Effect of glucose fluctuation on body weight, metabolic parameters and hepatic function

Blood glucose levels were measured to test the amplitude of fluctuations after a bolus of i.p. glucose injection. The mice fed a HFD and given an i.p. glucose injection showed significant fluctuations as compared to those given an i.p. saline injection and fed on a HFD or STD (Supplementary Figure S1, see section on supplementary data given at the end of this article). Mice fed a HFD were significantly heavier than those fed a STD during the 5-month experimental time period (P<0.05), whereas there was no difference in body weight between HFD mice given glucose or saline injections (P>0.05, Fig. 1A).

Figure 1
Figure 1

Effect of glucose fluctuation on body weight, metabolic parameters and hepatic function.
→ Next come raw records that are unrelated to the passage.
Fact plocal_subring (p : nat) : subring_closed (plocal p).
Proof.
split.
- by rewrite /plocal unfold_in; exact: coprimen1.
- move=> x y hx hy.
  apply: (@plocal_dvd p _ (denq x * denq y)).
    by rewrite abszM coprimeMr; apply/andP; split.
  exists (numq x * denq y - numq y * denq x).
  rewrite intrB !intrM !numqE. ring.
- move=> x y hx hy.
  apply: (@plocal_dvd p _ (denq x * denq y)).
    by rewrite abszM coprimeMr; apply/andP; split.
  exists (numq x * numq y).
  rewrite !intrM !numqE. ring.
Qed.

HB.instance Definition _ (p : nat) :=
  GRing.isSubringClosed.Build rat (plocal p) (plocal_subring p).

Record Zpl (p : nat) := MkZp { zval : rat; zvalP : zval \in plocal p }.
HB.instance Definition _ (p : nat) := [isSub for @zval p].
HB.instance Definition _ (p : nat) := [Choice of Zpl p by <:].
HB.instance Definition _ (p : nat) := [SubChoice_isSubComNzRing of Zpl p by <:].

Section Defs.
Variable p : nat.
Variable q : int.   (* the fixed q, primitive mod p^2 *)
Local Notation Zpl := (Zpl p).

Definition zunit (j : Zpl) : bool :=
  (zval j != 0) && coprime p `|numq (zval j)|%N.

(* inverse of a unit (junk value 0 on non-units) *)
Definition zinv (j : Zpl) : Zpl := insubd 0 (zval j)^-1.

Definition zpow (j : Zpl) (k : int) : Zpl :=
  match k with
  | Posz n => j ^+ n
  | Negz n => zinv j ^+ n.+1
  end.

(* exponents e_i with q_i = q ^ e_i, e_i = (-1)^i floor(i/2) *)
Definition qexp (i : nat) : int :=
  if odd i then - (Posz i./2) else Posz i./2.

Definition qnode (i : nat) : Zpl := zpow (q%:~R) (qexp i).

Definition Theta (n : nat) : {poly Zpl} :=
  \prod_(1 <= i < n.+1) ('X - (qnode i)%:P).

(* An element of Aop is given by its coefficient sequence (a_n) in the
   unique expansion  sum_{n>=0} a_n Phi_n,  Phi_n = Theta_n(Psi^q). *)
Definition Aop := nat -> Zpl.

Definition Aadd (a b : Aop) : Aop := fun n => a n + b n.
Definition Ascale (c : Zpl) (a : Aop) : Aop := fun n => c * a n.
Definition Aone : Aop := fun n => if n == 0%N then 1 else 0.

(* Newton coefficients: the k-th coefficient of a polynomial P written in
   the basis Theta_0, Theta_1, ... (nodes starting at q_i). *)
Fixpoint newton (i : nat) (P : {poly Zpl}) (k : nat) : Zpl :=
  match k with
  | 0%N => P.[qnode i]
  | k'.+1 => newton i.+1
               (Pdiv.Ring.rdivp (P - (P.[qnode i])%:P) ('X - (qnode i)%:P)) k'
  end.

Definition Atrunc (a : Aop) (k : nat) : {poly Zpl} :=
  \sum_(n < k.+1) a n *: Theta n.

(* product in Aop (composition of operations): the coefficient of Phi_k of
   a*b only depends on the truncations at k, since A_{k+1} is an ideal *)
Definition Amul (a b : Aop) : Aop := fun k => newton 1 (Atrunc a k * Atrunc b k) k.

(* action of a in Aop on pi_{2k}(KU_(p)) = Z_(p): Phi_n acts by Theta_n(q^k);
   the sum is finite because Theta_n(q^k) = 0 for n >= 2|k|+1 *)
Definition Aev (k : int) (a : Aop) : Zpl :=
  \sum_(n < (2 * `|k|).+2) a n * (Theta n).[zpow (q%:~R) k].

(* psi : Z_(p) -> Aop gives the Adams operations Psi^j (j a unit): Psi^j is
   the stable operation acting on pi_{2k} by multiplication by j^k *)
Definition adams_ops (psi : Zpl -> Aop) : Prop :=
  forall j, zunit j -> forall k : int, Aev k (psi j) = zpow j k.

Definition Amodule (M : lmodType Zpl) (act : Aop -> M -> M) : Prop :=
  [/\ (forall a x y, act a (x + y) = act a x + act a y),
      (forall a b x, act (Aadd a b) x = act a x + act b x),
      (forall c a x, act (Ascale c a) x = c *: act a x),
      (forall x, act Aone x = x) &
      (forall a b x, act (Amul a b) x = act a (act b x))].

Definition inAfilt (n : nat) (a : Aop) : Prop := forall m, (m < n)%N -> a m = 0.

Definition discrete_Amodule (M : lmodType Zpl) (act : Aop -> M -> M) : Prop :=
  Amodule act /\ forall x : M, exists n, forall a, inAfilt n a -> act a x = 0.

Section Bousfield.
Variables (M : lmodType Zpl) (Psi : Zpl -> M -> M).

(* R-module structure: Z_(p)[Z_(p)^x] acting through Psi *)
Definition Rmodule : Prop :=
  [/\ (forall j, zunit j -> forall x y, Psi j (x + y) = Psi j x + Psi j y),
      (forall j, zunit j -> forall c x, Psi j (c *: x) = c *: Psi j x),
      (forall x, Psi 1 x = x) &
      (forall j j', zunit j -> zunit j' -> forall x, Psi (j * j') x = Psi j (Psi j' x))].

Definition inRx (x y : M) : Prop :=
  exists s : seq (Zpl * Zpl), all (fun cj => zunit cj.2) s /\
    y = \sum_(cj <- s) cj.1 *: Psi cj.2 x.

Definition inspan (g : seq M) (y : M) : Prop :=
  exists c : nat -> Zpl, y = \sum_(i < size g) c i *: nth 0 g i.

(* y maps to 0 in (-) (x) Q *)
Definition torsion (y : M) : Prop := exists m : nat, (0 < m)%N /\ m%:R *: y = 0.

Definition bousfield_a (x : M) : Prop :=
  exists g : seq M, forall y, inRx x y <-> inspan g y.

(* (b) Psi^j acts diagonalisably on Rx (x) Q with eigenvalues integer powers
   of j: Rx (x) Q is spanned by eigenvectors (images of elements e of Rx with
   Psi^j e - j^k e torsion); every y (x) 1 is a Q-combination of them, which
   after clearing denominators reads: n y - sum e_i is torsion. *)
Definition bousfield_b (x : M) : Prop :=
  forall j, zunit j -> forall y, inRx x y ->
    exists n : nat, (0 < n)%N /\
    exists s : seq (M * int),
      (forall e, e \in s -> inRx x e.1 /\ torsion (Psi j e.1 - zpow j e.2 *: e.1))
      /\ torsion (n%:R *: y - \sum_(e <- s) e.1).

(* (c) for each m >= 1, the action of Z_(p)^x on Rx / p^m Rx factors through
   (Z/p^k)^x for some k *)
Definition bousfield_c (x : M) : Prop :=
  forall m : nat, (1 <= m)%N -> exists k : nat,
    forall j j', zunit j -> zunit j' ->
      (exists c : Zpl, j - j' = (p ^ k)%:R * c) ->
      forall y, inRx x y ->
        exists z, inRx x z /\ Psi j y - Psi j' y = (p ^ m)%:R *: z.

Definition Bousfield_module : Prop :=
  Rmodule /\ forall x : M, [/\ bousfield_a x, bousfield_b x & bousfield_c x].

End Bousfield.

End Defs.

Definition primitive_mod (q : int) (n : nat) : Prop :=
  coprime `|q|%N n /\
  forall m : nat, (0 < m < totient n)%N -> ~ (q ^+ m = 1 %[mod n%:Z])%Z.

(* The operation a = \sum_n a_n Phi_n acts on pi_{2k} KU_(p) by \sum_n a_n Theta_n(q^k).
   For q^k = q_l only the terms n < l survive, so the values [Aval l a] (l >= 1)
   determine a through a triangular system whose diagonal entries Theta_{l-1}(q_l)
   are nonzero, q being of infinite order.  Evaluation at each node is
   multiplicative (Newton interpolation), so a |-> (Aval l a)_l is an injective ring
   map sending Psi^j to (j^{e_l})_l, where q_l = q^{e_l}.
   If A_n x = 0 then a x only depends on Aval 1 a, ..., Aval n a.  Hence Rx is
   spanned by the (Psi^q)^i x, i <= n; the Lagrange polynomials in Psi^q at
   q_1, ..., q_n produce Psi^j-eigenvectors with eigenvalues j^{e_r} which span Rx
   up to a common denominator; and if j = j' mod p^k then Psi^j - Psi^j' has all
   its values divisible by p^k, so that inverting the triangular system its first
   n coefficients are divisible by p^(k - F) for a constant F depending on n. *)

From HB Require Import structures.
From mathcomp Require Import all_boot all_order all_algebra.
From mathcomp Require Import ring zify.
From Stdlib Require Import FunctionalExtensionality.
Import Order.TTheory GRing.Theory Num.Theory.
Local Open Scope ring_scope.
Set Implicit Arguments. Unset Strict Implicit. Unset Printing Implicit Defensive.

Section PLocalIntegers.
Variable p : nat.
Local Notation Z := (Zpl p).
Lemma Cmod_cexp z : Cmod (cexp z) = exp (Re z).
Proof.
  unfold cexp. rewrite Cmod_mult, Cmod_R, Rabs_pos_eq by (left; apply exp_pos).
  unfold Cmod. simpl. rewrite !Rmult_1_r.
  replace (cos (Im z) * cos (Im z) + sin (Im z) * sin (Im z)) with 1
    by (rewrite <- (sin2_cos2 (Im z)); unfold Rsqr; ring).
  rewrite sqrt_1. ring.
Qed.

Definition e2pi (c : C) : C := cexp (two_pi_i * c)%C.

Lemma e2pi_add a b : e2pi (a + b)%C = (e2pi a * e2pi b)%C.
Proof. unfold e2pi. rewrite <- cexp_add. f_equal. ring. Qed.

Lemma e2pi_0 : e2pi 0 = 1%C.
Proof.
  unfold e2pi, cexp. replace (two_pi_i * 0)%C with (RtoC 0) by ring. simpl.
  rewrite exp_0, cos_0, sin_0. unfold Cmult, RtoC. simpl. f_equal; ring.
Qed.

Lemma e2pi_opp c : (e2pi c * e2pi (- c))%C = 1%C.
Proof. rewrite <- e2pi_add, Cplus_opp_r. apply e2pi_0. Qed.

Lemma e2pi_neq0 c : e2pi c <> 0%C.
Proof.
  intros H. pose proof (e2pi_opp c) as E. rewrite H, Cmult_0_l in E. apply C1_nz. auto.
Qed.

Lemma e2pi_inv c : (/ e2pi c)%C = e2pi (- c).
Proof.
  pose proof (e2pi_neq0 c).
  replace (e2pi (- c)) with (/ e2pi c * (e2pi c * e2pi (- c)))%C by (field; assumption).
  rewrite e2pi_opp. ring.
Qed.

Lemma Cmod_e2pi_lt_1 c : Cmod (e2pi c) < 1 <-> 0 < Im c.
Proof.
  unfold e2pi. rewrite Cmod_cexp, <- exp_0.
  replace (Re (two_pi_i * c)%C) with (- (2 * PI) * Im c) by (destruct c; simpl; ring).
  pose proof PI_RGT_0. split; intros Hc.
  - apply exp_lt_inv in Hc. nra.
  - apply exp_increasing. nra.
Qed.

Definition qpochE (x g d e : C) : C := qpoch0 (x * e2pi g)%C (e2pi d) (e2pi e).

Lemma qpochE_split x g d e : 0 < Im d -> 0 < Im e ->
  qpochE x g d e = (qpochE x g (d + e) e * qpochE x (g + d) (d + e) d)%C.
Proof.
  intros Hd He. unfold qpochE.
  rewrite qpoch0_split by (apply Cmod_e2pi_lt_1; assumption).
  rewrite !e2pi_add, Cmult_assoc. reflexivity.
Qed.

Lemma qpochE_sym x g d e : qpochE x g d e = qpochE x g e d.
Proof. apply qpoch0_sym. Qed.

(* [qpochE x g d e] converges for [Im d, Im e > 0]; by the inversion rules of [qpoch],
   [(x | e(a), e(-b))_oo] is [qnum / qden] with one of the two equal to [1]. *)
Definition qnum x a b : C :=
  if Rlt_dec 0 (Im a) then (if Rlt_dec (Im b) 0 then qpochE x 0 a (- b) else 1)
  else (if Rlt_dec (Im b) 0 then 1 else qpochE x (b - a) (- a) b).

Definition qden x a b : C :=
  if Rlt_dec 0 (Im a) then (if Rlt_dec (Im b) 0 then 1 else qpochE x b a b)
  else (if Rlt_dec (Im b) 0 then qpochE x (- a) (- a) (- b) else 1).

Lemma qpoch_e2pi x a b : Im a <> 0 -> Im b <> 0 ->
  qpoch x (e2pi a) (e2pi (- b)) = (qnum x a b / qden x a b)%C.
Proof.
  intros Ha Hb.
  assert (Hia : (/ e2pi a)%C = e2pi (- a)) by apply e2pi_inv.
  assert (Hib : (/ e2pi (- b))%C = e2pi b) by (rewrite e2pi_inv; f_equal; ring).
  assert (Hab : (/ (e2pi a * e2pi (- b)))%C = e2pi (b - a)).
  { rewrite <- e2pi_add, e2pi_inv. f_equal. ring. }
  assert (Hx0 : (x * e2pi 0)%C = x) by (rewrite e2pi_0; ring).
  unfold qpoch, qnum, qden, qpochE, Cdiv.
  rewrite Hia, Hib, Hab, Hx0.
  destruct (Rlt_dec (Cmod (e2pi a)) 1) as [A|A]; rewrite Cmod_e2pi_lt_1 in A;
  destruct (Rlt_dec (Cmod (e2pi (- b))) 1) as [B|B]; rewrite Cmod_e2pi_lt_1, im_opp in B;
  destruct (Rlt_dec 0 (Im a)); destruct (Rlt_dec (Im b) 0); try lra; try ring; field.
Qed.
Body weight (A) and blood glucose levels (B) were measured throughout the experimental time course. At weeks 8 and 20, fasting insulin, free fatty acid (FFA) and alanine aminotransferase (ALT) (C, D, E, respectively) levels were measured. Values are means±s.e.m.; n=10–12 mice/group; *P<0.05, **P<0.01.

Citation: Journal of Molecular Endocrinology 55, 3; 10.1530/JME-15-0101

Fasting blood glucose levels were significantly higher in mice fed a HFD compared to mice fed a STD at 6 weeks (P<0.01), and the difference was maintained throughout the rest of the experiment (Fig. 1B). There was no difference in fasting blood glucose levels between HFD mice given glucose or saline injections (P>0.05). Similarly, fasting insulin levels were greatly increased in HFD fed mice (P<0.05 at 8 weeks and P<0.01 at 20 weeks), with no differences of the levels between HFD mice receiving glucose or saline injections (Fig. 1C).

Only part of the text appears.